Ayudar a la Iglesia en sus necesidades. Un artículo de mons. Cuevas

Leo en “Atlántico Diario” un interesante artículo de monseñor Cuevas sobre el Día de la Iglesia Diocesana titulado “Ayudar a la Iglesia en sus necesidades”.

Dice, mons. Cuevas, que los cinco mandamientos de la Iglesia “se proponen como los marcadores personales del mínimo vital cristiano”. Tiene razón, objetivamente. Pero tal como están las cosas, uno tiende a pensar que esos “marcadores” son, en el presente, casi indicios de santidad. Es muy probable que los que ya tenemos una edad avanzada estemos mal acostumbrados. Lo que ayer era un mínimo, hoy es casi un mérito digno de mención.
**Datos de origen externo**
Definition is_geometric_output (p : R) (P : nat -> nat -> bool) (n m : nat)
  (r : list nat) : Prop :=
  is_wRAV_output (geom_weights p) P n m r.

Definition valid_profile (P : nat -> nat -> bool) (n m : nat) : Prop :=
  forall i, (i < n)%nat -> exists a, (a < m)%nat /\ P i a = true.

Definition is_ceil (k : nat) (x : R) : Prop := INR k - 1 < x /\ x <= INR k.

Definition cohesiveness (P : nat -> nat -> bool) (m : nat) (N' : list nat) : nat :=
  length (filter (fun a => forallb (fun i => P i a) N') (seq 0 m)).

Definition significant (P : nat -> nat -> bool) (n m : nat) (alpha : R)
  (lam : nat) (N' : list nat) : Prop :=
  NoDup N' /\ (forall i, In i N' -> (i < n)%nat) /\
  is_ceil (length N') (alpha * INR n) /\ (lam <= cohesiveness P m N')%nat.

Definition avg (P : nat -> nat -> bool) (N' : list nat) (S : list nat) : R :=
  INR (fold_right Nat.add 0%nat (map (fun i => approved_count P i S) N'))
  / INR (length N').

(** With [q = λ/(λ+1) = 1/p] the weights are [w_j = q^j], so each voter contributes
    at most [λ (1 - q^c) < λ] to the score and any prefix scores at most [nλ].  If
    [avg(N', r_≤k) < λ], then at every step [t < k] some member of [N'] has fewer than
    [λ] ranked approved alternatives, so one of the [λ] alternatives approved by all of
    [N'] is still unranked.  Its marginal gain is [Σ_{i∈N'} q^(x_i+1)], which by
    convexity of [j ↦ q^j] is at least [|N'| q^(λ+1)] because the [x_i] average
    below [λ].  After [k] steps the score is thus at least
    [k |N'| q^(λ+1) ≥ e (λ+1) n q^(λ+1) = e q^λ · nλ > nλ], since
    [(1 + 1/λ)^λ < e]: a contradiction. *)

From Stdlib Require Import Reals List Arith QArith Qreals Permutation Lia Lra Classical.
Import ListNotations.
Open Scope R_scope.

Local Notation sumR f l := (fold_right Rplus 0 (map f l)).
Local Notation sumN f l := (fold_right Nat.add 0%nat (map f l)).

Lemma sumR_app (f : nat -> R) l1 l2 : sumR f (l1 ++ l2) = sumR f l1 + sumR f l2.
Proof. induction l1 as [|a l1 IH]; simpl; [lra | rewrite IH; lra]. Qed.

Lemma sumR_sub (f g : nat -> R) l : sumR f l - sumR g l = sumR (fun x => f x - g x) l.
Proof. induction l; simpl; lra. Qed.

Lemma sumR_le (f g : nat -> R) l :
  (forall x, In x l -> f x <= g x) -> sumR f l <= sumR g l.
Proof.
  induction l as [|a l IH]; simpl; intros H; [lra|].
  assert (f a <= g a) by auto.
  assert (sumR f l <= sumR g l) by auto.
  lra.
Qed.

Lemma sumR_le_const (f : nat -> R) c l :
  (forall x, In x l -> f x <= c) -> sumR f l <= INR (length l) * c.
Proof.
  induction l as [|a l IH]; intros H; cbn [length map fold_right]; [simpl; lra|].
  assert (f a <= c) by (apply H; left; auto).
  assert (sumR f l <= INR (length l) * c) by (apply IH; intros; apply H; right; auto).
  rewrite S_INR. lra.
Qed.

Lemma sumR_affine (f : nat -> nat) a b l :
  sumR (fun i => a + b * INR (f i)) l = a * INR (length l) + b * INR (sumN f l).
Proof.
  induction l as [|x l IH]; cbn [length map fold_right]; [simpl; lra|].
  rewrite IH, plus_INR, S_INR. ring.
Qed.

Section NonnegSums.

Variable f : nat -> R.
Hypothesis f_ge0 : forall x, 0 <= f x.

Lemma sumR_remove_le a l : sumR f (remove Nat.eq_dec a l) <= sumR f l.
Proof.
  induction l as [|x l IH]; simpl; [lra|].
  destruct (Nat.eq_dec a x); simpl; specialize (f_ge0 x); lra.
Qed.

Lemma sumR_remove_in a l : In a l -> f a + sumR f (remove Nat.eq_dec a l) <= sumR f l.
Proof.
  induction l as [|x l IH]; simpl; [tauto|]. intros Hin.
  destruct (Nat.eq_dec a x) as [<-|Hax]; simpl.
  - pose proof (sumR_remove_le a l). lra.
  - destruct Hin as [->|Hin]; [congruence|]. specialize (IH Hin). lra.
Qed.

Lemma sumR_incl_le N l : NoDup N -> incl N l -> sumR f N <= sumR f l.
Proof.
  revert l; induction N as [|a N IH]; intros l HN Hincl; simpl.
  - clear Hincl. induction l as [|x l IHl]; simpl; [lra|]. specialize (f_ge0 x). lra.
  - inversion HN as [|? ? HaN HN']; subst.
    assert (Hrem : incl N (remove Nat.eq_dec a l)).
    { intros x Hx. apply in_in_remove; [intros ->; tauto | apply Hincl; right; auto]. }
    pose proof (sumR_remove_in a l (Hincl a (or_introl eq_refl))).
    specialize (IH _ HN' Hrem). lra.
Qed.

End NonnegSums.

Lemma sumN_le (f g : nat -> nat) l :
  (forall x, In x l -> f x <= g x)%nat -> (sumN f l <= sumN g l)%nat.
Proof.
  induction l as [|a l IH]; simpl; intros H; [lia|].
  assert (f a <= g a)%nat by auto.
  assert (sumN f l <= sumN g l)%nat by auto.
  lia.
Qed.

Lemma sumN_succ (f : nat -> nat) l : sumN (fun x => S (f x)) l = (sumN f l + length l)%nat.
Proof. induction l as [|a l IH]; simpl; [lia | rewrite IH; lia]. Qed.

Lemma sumN_lt_mul_exists (f : nat -> nat) b l :
  (sumN f l < b * length l)%nat -> exists x, In x l /\ (f x < b)%nat.
Proof.
  induction l as [|a l IH]; simpl; intros H; [lia|].
  destruct (Nat.lt_ge_cases (f a) b) as [Ha|Ha]; [exists a; auto|].
  destruct IH as [x [Hx Hfx]]; [nia | exists x; auto].
Qed.

Lemma bernoulli_ineq (x : R) d : -1 <= x -> 1 + INR d * x <= (1 + x) ^ d.
Proof.
  intros Hx. induction d as [|d IH]; [simpl; lra|].
  rewrite S_INR. cbn [pow].
  assert (0 <= INR d) by apply pos_INR.
  assert (0 <= INR d * (x * x)) by (apply Rmult_le_pos; nra).
  nra.
Qed.

(* Tangent-line inequality for the convex map [j ↦ q^j] at [j = b]; for [a < b] it
   comes from Bernoulli for [1/q] and [1/q - 1 >= 1 - q]. *)
Lemma pow_ge_tangent (q : R) (a b : nat) :
  0 < q -> q ^ b * (1 - (1 - q) * (INR a - INR b)) <= q ^ a.
Proof.
  intros Hq.
  destruct (Nat.le_gt_cases b a) as [Hba|Hab].
  - replace a with (b + (a - b))%nat by lia.
    rewrite plus_INR, pow_add.
    pose proof (bernoulli_ineq (q - 1) (a - b) ltac:(lra)) as Hb.
    replace (1 + (q - 1)) with q in Hb by ring.
    assert (0 < q ^ b) by (apply pow_lt; auto).
    replace (INR b + INR (a - b) - INR b) with (INR (a - b)) by ring.
    nra.
  - set (d := (b - a)%nat).
    replace b with (a + d)%nat by (unfold d; lia).
    rewrite plus_INR, pow_add.
    replace (INR a - (INR a + INR d)) with (- INR d) by ring.
    pose proof (bernoulli_ineq (/ q - 1) d) as Hb.
    replace (1 + (/ q - 1)) with (/ q) in Hb by ring.
    rewrite pow_inv in Hb.
    assert (Hqd : 0 < q ^ d) by (apply pow_lt; auto).
    assert (Hqa : 0 < q ^ a) by (apply pow_lt; auto).
    assert (Hinv : 1 - q <= / q - 1).
    { apply (Rmult_le_reg_r q); [lra|]. rewrite !Rmult_minus_distr_r, Rinv_l by lra.
      pose proof (Rle_0_sqr (1 - q)). unfold Rsqr in *. lra. }
    assert (0 <= INR d) by apply pos_INR.
    assert (Hd : q ^ d * (1 + INR d * (/ q - 1)) <= 1).
    { specialize (Hb ltac:(assert (0 < / q) by (apply Rinv_0_lt_compat; lra); lra)).
      apply (Rmult_le_compat_l (q ^ d)) in Hb; [|lra].
      rewrite Rinv_r in Hb by lra. exact Hb. }
    assert (q ^ d * (1 - (1 - q) * - INR d) <= 1).
    { eapply Rle_trans; [|exact Hd]. apply Rmult_le_compat_l; nra. }
    nra.
Qed.

Lemma sumR_pow_ge (q : R) (b : nat) (f : nat -> nat) l :
  0 < q <= 1 -> (sumN f l <= b * length l)%nat ->
  INR (length l) * q ^ b <= sumR (fun x => q ^ f x) l.
Proof.
  intros Hq Hf.
  eapply Rle_trans;
    [|apply sumR_le with (f := fun x => q ^ b * (1 + (1 - q) * INR b)
                                    + - (q ^ b * (1 - q)) * INR (f x))].
  2:{ intros x _. eapply Rle_trans; [|apply (pow_ge_tangent q (f x) b); lra]. right; ring. }
  rewrite sumR_affine.
  apply le_INR in Hf. rewrite mult_INR in Hf.
  assert (0 <= q ^ b * (1 - q)) by (apply Rmult_le_pos; [apply pow_le|]; lra).
  nra.
Qed.

Lemma exp_pow (x : R) d : exp x ^ d = exp (INR d * x).
Proof.
  induction d as [|d IH]; [simpl; rewrite Rmult_0_l, exp_0; lra|].
  cbn [pow]. rewrite IH, S_INR, <- exp_plus. f_equal; ring.
Qed.

Lemma pow_lt_pow_l (a b : R) d : 0 <= a < b -> a ^ S d < b ^ S d.
Proof.
  intros Hab. cbn [pow].
  assert (a ^ d <= b ^ d) by (apply pow_incr; lra).
  assert (0 < b ^ d) by (apply pow_lt; lra).
  nra.
Qed.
Realmente, la fe ha sido casi siempre una excepción. Lo habitual, de un modo o de otro, ha sido – quizá - no creer, o creer aparentemente, o creer como si no se creyese. No debemos olvidar que la fe era, es y será una virtud “sobrenatural”, algo que viene de Dios y que no brota espontáneamente de uno mismo, aunque esa virtud sea plenamente conforme a nuestra condición de seres racionales y libres.

Añade mons. Cuevas: “esa familia de la que forman parte todos los bautizados, aunque sus fines sean espirituales, tiene como toda asociación humana, necesidad de medios materiales”. Es evidente que es así. Los católicos deberíamos repasar muy a menudo los concilios cristológicos de la Iglesia antigua, en los que poco a poco se fue explicitando la fe testimoniada en la Escritura.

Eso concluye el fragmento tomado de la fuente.